> _Work order_:
Of the lines listed below, return exactly those that run from the line containing "mu [set c] = 1%E." through the line containing "apply: (probability_set1_of_ae mI) => //.", both included.

(Data for analysis begins)

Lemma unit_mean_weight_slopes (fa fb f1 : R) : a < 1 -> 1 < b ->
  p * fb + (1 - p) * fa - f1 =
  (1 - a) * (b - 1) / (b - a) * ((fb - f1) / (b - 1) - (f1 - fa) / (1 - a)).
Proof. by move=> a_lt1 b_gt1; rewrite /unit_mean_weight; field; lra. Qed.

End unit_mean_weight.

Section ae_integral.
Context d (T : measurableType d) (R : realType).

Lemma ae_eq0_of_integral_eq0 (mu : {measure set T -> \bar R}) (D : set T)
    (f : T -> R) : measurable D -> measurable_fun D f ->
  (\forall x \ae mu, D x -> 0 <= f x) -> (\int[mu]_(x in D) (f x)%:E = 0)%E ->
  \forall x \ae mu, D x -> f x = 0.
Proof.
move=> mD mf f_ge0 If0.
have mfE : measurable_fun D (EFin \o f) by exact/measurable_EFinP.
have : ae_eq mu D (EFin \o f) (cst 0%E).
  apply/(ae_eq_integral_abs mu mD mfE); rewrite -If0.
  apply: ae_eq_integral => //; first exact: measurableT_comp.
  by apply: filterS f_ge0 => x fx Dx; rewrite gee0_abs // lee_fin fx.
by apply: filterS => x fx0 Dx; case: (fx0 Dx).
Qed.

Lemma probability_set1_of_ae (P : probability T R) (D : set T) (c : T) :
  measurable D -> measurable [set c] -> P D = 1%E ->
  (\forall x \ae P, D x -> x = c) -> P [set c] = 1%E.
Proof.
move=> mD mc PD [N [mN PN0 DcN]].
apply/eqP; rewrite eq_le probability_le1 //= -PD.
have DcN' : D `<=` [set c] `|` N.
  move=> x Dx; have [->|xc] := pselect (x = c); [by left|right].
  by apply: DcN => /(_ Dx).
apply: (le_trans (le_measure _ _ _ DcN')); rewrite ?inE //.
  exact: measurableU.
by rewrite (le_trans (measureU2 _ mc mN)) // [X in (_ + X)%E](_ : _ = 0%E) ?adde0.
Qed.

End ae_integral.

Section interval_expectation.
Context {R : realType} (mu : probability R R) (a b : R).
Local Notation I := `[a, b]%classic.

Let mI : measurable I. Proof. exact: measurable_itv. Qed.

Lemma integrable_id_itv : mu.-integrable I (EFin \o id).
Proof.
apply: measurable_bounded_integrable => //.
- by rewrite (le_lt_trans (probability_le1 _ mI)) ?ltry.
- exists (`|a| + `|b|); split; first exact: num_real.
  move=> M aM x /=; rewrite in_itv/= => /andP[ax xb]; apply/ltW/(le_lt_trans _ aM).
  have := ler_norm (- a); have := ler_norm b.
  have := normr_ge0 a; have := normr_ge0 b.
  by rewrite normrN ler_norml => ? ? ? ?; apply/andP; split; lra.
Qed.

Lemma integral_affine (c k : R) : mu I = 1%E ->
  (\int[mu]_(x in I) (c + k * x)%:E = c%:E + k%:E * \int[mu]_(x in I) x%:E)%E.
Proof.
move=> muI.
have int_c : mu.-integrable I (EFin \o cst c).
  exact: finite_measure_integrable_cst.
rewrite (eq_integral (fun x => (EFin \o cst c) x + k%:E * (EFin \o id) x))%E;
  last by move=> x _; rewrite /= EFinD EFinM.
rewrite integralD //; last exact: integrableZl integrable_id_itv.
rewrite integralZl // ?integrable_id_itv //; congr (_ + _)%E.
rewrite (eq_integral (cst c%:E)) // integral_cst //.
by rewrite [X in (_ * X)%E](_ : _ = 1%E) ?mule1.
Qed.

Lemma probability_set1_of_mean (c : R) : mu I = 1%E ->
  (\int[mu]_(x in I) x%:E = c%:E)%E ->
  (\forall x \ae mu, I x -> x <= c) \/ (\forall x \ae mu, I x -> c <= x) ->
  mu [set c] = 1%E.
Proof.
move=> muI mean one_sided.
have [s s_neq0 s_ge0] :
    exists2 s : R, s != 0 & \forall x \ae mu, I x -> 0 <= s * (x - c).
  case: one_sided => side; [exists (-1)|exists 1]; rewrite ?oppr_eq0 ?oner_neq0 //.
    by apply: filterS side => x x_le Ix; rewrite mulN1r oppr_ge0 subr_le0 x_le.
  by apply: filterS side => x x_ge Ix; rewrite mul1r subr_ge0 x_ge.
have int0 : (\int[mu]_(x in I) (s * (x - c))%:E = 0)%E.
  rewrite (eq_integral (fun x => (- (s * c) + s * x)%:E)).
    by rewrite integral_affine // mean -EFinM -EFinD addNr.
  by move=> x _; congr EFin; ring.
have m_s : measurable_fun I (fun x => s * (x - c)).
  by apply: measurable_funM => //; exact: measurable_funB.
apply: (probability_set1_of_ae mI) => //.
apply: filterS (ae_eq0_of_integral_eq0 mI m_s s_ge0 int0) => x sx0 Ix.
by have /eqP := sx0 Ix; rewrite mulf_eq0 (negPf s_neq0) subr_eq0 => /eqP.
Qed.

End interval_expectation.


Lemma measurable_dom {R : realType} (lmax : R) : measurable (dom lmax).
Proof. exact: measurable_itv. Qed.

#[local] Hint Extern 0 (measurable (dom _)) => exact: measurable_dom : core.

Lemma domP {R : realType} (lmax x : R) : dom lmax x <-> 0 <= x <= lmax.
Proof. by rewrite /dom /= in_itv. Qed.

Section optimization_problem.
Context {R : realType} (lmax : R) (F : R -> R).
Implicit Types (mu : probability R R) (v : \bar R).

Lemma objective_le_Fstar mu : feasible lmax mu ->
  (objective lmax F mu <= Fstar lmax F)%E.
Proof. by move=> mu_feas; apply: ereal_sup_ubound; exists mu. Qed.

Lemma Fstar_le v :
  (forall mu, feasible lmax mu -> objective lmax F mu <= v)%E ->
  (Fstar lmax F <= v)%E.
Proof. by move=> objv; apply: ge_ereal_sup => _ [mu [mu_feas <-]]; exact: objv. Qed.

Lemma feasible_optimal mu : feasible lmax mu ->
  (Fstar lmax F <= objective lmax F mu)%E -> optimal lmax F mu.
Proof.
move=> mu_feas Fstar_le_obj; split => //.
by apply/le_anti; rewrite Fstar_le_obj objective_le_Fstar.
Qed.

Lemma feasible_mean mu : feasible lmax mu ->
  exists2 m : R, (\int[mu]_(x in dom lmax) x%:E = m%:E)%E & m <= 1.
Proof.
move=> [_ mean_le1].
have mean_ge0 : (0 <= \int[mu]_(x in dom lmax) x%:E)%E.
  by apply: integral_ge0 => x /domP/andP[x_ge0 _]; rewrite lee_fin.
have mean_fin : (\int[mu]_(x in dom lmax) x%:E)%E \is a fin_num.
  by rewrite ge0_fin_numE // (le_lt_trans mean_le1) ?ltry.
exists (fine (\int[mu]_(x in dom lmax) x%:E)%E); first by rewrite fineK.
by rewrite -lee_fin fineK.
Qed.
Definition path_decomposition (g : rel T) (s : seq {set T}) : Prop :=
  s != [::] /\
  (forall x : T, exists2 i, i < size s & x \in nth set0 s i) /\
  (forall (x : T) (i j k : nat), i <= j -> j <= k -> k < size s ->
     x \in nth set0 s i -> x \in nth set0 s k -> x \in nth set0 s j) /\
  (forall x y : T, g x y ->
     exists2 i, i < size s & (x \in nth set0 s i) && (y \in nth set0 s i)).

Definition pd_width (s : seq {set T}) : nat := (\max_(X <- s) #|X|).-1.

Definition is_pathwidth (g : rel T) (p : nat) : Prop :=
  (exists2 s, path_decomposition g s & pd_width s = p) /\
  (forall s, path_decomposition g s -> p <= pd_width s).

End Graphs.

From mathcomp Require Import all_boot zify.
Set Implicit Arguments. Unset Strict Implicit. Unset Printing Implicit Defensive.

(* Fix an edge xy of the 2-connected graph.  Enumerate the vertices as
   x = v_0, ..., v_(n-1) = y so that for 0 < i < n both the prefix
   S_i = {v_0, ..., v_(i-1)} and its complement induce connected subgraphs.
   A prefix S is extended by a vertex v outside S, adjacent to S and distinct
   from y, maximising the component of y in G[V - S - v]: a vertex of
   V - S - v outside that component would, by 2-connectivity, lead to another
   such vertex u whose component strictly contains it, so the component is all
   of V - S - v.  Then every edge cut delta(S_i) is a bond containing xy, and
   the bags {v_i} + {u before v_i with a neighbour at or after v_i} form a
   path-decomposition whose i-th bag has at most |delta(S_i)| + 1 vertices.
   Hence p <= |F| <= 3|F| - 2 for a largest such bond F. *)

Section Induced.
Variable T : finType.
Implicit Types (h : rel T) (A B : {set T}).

(Data for analysis ends)
(Data for analysis begins)

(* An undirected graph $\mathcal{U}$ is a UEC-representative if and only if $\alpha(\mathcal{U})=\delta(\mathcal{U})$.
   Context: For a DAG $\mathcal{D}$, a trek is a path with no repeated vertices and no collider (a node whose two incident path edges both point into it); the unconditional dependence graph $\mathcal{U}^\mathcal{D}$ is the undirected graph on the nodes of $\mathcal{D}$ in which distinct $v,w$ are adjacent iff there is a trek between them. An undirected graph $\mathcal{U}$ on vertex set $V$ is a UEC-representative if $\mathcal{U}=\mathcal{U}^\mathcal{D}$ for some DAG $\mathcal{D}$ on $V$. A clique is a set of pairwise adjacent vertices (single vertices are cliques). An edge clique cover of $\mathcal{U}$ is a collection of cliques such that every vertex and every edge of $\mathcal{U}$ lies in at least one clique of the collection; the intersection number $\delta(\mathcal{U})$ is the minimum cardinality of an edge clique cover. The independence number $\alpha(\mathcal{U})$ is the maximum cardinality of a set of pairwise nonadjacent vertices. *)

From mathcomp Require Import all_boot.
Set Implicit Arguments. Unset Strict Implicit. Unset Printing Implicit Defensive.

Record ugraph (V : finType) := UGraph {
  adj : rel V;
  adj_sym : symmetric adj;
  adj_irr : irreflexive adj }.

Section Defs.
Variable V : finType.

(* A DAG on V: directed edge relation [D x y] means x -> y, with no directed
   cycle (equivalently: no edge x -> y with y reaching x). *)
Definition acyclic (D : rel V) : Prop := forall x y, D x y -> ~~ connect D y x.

(Data for analysis ends)

> _Result for this exercise_:
  mu [set c] = 1%E.
Proof.
move=> muI mean one_sided.
have [s s_neq0 s_ge0] :
    exists2 s : R, s != 0 & \forall x \ae mu, I x -> 0 <= s * (x - c).
  case: one_sided => side; [exists (-1)|exists 1]; rewrite ?oppr_eq0 ?oner_neq0 //.
    by apply: filterS side => x x_le Ix; rewrite mulN1r oppr_ge0 subr_le0 x_le.
  by apply: filterS side => x x_ge Ix; rewrite mul1r subr_ge0 x_ge.
have int0 : (\int[mu]_(x in I) (s * (x - c))%:E = 0)%E.
  rewrite (eq_integral (fun x => (- (s * c) + s * x)%:E)).
    by rewrite integral_affine // mean -EFinM -EFinD addNr.
  by move=> x _; congr EFin; ring.
have m_s : measurable_fun I (fun x => s * (x - c)).
  by apply: measurable_funM => //; exact: measurable_funB.
apply: (probability_set1_of_ae mI) => //.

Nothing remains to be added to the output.